- _Task details_
In the data below, find the line that contains "apply: safe_iter =>" and the line that contains "case: c => [[v". Copy both, plus every line between them, exactly.

(Excerpts from a dataset)
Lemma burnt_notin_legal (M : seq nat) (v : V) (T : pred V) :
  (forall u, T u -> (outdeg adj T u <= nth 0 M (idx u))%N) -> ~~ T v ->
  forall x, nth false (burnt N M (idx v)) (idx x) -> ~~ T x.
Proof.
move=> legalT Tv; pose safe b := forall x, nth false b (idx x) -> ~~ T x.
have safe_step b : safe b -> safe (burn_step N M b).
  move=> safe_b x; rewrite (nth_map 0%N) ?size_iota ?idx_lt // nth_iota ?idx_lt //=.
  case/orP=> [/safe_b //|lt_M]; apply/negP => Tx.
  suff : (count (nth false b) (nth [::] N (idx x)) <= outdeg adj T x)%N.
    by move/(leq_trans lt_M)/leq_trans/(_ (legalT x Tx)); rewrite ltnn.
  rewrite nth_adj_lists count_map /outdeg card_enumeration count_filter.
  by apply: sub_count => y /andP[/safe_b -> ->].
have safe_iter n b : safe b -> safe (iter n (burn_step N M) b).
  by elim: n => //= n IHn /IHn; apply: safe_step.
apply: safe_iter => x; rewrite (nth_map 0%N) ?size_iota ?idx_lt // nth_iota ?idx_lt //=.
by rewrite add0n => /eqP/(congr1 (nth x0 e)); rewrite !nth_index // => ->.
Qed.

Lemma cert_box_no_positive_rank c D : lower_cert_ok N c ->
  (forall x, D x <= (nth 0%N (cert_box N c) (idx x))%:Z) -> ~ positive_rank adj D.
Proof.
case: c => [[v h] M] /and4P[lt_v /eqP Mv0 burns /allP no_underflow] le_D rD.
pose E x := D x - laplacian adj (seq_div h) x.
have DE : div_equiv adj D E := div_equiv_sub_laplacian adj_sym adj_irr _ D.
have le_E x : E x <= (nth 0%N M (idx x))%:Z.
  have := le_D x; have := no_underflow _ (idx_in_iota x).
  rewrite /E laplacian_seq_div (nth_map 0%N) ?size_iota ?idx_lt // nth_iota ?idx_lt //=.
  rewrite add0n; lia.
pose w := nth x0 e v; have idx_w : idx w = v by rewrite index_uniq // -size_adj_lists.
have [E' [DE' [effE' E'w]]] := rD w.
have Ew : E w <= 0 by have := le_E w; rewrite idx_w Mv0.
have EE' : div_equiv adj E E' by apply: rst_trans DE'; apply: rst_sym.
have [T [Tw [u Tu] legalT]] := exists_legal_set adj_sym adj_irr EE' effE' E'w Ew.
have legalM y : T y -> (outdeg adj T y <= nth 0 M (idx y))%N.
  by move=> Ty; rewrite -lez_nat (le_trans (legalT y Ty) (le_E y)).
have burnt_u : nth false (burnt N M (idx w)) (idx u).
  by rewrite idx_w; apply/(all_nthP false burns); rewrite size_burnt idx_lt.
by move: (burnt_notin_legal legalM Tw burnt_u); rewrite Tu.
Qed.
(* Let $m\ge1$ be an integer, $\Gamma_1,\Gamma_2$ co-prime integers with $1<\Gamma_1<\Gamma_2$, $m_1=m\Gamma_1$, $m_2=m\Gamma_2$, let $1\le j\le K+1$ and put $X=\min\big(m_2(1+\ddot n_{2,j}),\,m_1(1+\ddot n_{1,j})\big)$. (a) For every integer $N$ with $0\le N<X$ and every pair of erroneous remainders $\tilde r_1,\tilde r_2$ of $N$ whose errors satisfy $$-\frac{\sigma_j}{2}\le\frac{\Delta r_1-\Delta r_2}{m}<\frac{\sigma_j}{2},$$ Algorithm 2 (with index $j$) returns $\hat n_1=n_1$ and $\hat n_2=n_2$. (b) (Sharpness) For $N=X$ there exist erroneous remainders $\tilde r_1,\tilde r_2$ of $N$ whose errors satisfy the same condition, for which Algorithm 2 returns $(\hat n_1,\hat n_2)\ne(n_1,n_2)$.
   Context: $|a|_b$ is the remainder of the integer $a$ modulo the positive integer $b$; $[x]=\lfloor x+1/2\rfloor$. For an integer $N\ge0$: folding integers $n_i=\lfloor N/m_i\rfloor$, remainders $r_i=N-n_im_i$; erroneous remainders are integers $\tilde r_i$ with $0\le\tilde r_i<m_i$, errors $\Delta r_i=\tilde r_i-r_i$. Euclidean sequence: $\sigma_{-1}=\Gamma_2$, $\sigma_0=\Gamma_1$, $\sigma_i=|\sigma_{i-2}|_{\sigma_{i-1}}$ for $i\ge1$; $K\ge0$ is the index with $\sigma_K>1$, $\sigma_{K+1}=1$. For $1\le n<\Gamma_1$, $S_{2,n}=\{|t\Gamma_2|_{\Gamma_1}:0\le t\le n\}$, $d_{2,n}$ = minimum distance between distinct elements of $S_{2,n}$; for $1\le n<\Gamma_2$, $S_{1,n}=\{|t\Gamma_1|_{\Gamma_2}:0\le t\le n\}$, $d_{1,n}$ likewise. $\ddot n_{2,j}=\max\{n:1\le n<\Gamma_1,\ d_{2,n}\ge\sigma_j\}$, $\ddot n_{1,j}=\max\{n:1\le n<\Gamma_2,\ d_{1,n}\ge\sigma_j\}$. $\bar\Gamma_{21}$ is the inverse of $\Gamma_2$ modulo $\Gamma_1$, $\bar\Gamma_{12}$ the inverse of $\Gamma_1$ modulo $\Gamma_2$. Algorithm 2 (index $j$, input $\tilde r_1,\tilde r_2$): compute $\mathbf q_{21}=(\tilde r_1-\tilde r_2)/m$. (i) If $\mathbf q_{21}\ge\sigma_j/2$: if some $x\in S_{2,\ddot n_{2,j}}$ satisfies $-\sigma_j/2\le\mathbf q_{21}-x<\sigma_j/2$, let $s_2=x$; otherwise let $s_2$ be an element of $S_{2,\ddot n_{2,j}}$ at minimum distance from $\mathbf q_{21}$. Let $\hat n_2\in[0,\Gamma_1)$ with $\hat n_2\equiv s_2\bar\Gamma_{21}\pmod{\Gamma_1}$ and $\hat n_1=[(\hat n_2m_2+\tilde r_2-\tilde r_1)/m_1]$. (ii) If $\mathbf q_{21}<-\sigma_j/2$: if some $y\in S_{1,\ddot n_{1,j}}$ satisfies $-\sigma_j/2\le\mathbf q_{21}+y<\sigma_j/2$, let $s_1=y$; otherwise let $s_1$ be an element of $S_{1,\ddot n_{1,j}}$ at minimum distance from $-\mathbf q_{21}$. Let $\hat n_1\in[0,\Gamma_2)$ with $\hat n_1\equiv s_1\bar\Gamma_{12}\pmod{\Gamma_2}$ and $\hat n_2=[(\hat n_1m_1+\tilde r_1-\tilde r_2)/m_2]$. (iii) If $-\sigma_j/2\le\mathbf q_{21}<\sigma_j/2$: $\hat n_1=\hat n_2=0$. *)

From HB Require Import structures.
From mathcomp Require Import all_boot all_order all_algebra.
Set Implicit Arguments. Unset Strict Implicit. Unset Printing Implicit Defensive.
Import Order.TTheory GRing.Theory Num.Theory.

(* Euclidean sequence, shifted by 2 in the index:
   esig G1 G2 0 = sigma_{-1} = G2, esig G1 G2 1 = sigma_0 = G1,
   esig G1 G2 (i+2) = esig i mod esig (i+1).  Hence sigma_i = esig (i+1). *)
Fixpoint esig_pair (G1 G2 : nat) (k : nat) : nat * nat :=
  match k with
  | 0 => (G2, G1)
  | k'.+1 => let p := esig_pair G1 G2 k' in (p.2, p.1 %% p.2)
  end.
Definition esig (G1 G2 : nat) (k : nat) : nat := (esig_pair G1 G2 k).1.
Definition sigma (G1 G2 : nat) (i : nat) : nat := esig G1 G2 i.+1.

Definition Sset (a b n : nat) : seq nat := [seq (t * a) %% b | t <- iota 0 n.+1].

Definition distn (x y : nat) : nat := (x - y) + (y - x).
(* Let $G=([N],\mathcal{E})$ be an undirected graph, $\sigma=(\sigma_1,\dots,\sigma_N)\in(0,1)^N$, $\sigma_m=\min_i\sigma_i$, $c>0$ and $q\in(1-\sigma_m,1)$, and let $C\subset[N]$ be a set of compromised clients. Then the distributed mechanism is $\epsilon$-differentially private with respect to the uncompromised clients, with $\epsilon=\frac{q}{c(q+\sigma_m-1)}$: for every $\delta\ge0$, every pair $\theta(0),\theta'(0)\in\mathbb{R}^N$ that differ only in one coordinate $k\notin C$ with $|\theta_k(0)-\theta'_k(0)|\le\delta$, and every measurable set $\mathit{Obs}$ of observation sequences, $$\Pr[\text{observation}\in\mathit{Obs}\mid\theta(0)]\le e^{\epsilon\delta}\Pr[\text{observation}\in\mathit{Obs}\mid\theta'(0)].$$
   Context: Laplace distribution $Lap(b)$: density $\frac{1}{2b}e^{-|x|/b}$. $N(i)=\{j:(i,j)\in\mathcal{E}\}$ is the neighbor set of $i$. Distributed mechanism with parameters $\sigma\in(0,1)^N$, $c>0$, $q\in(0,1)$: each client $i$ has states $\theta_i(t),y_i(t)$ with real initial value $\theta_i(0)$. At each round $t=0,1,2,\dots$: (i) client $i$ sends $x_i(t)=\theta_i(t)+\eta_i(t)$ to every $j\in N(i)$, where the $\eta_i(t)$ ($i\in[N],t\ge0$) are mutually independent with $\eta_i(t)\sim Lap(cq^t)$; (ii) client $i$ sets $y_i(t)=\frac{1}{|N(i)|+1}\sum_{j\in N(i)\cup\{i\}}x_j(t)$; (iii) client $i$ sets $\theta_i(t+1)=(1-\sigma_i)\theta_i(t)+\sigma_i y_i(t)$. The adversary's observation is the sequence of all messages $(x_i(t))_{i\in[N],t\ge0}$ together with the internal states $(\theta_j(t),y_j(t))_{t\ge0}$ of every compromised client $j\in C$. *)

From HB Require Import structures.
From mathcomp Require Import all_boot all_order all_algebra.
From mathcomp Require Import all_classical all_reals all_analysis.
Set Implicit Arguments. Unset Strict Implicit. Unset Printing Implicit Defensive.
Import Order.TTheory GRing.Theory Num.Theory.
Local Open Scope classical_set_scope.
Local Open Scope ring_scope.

- _Answer section_
apply: safe_iter => x; rewrite (nth_map 0%N) ?size_iota ?idx_lt // nth_iota ?idx_lt //=.
by rewrite add0n => /eqP/(congr1 (nth x0 e)); rewrite !nth_index // => ->.
Qed.

Lemma cert_box_no_positive_rank c D : lower_cert_ok N c ->
  (forall x, D x <= (nth 0%N (cert_box N c) (idx x))%:Z) -> ~ positive_rank adj D.
Proof.
case: c => [[v h] M] /and4P[lt_v /eqP Mv0 burns /allP no_underflow] le_D rD.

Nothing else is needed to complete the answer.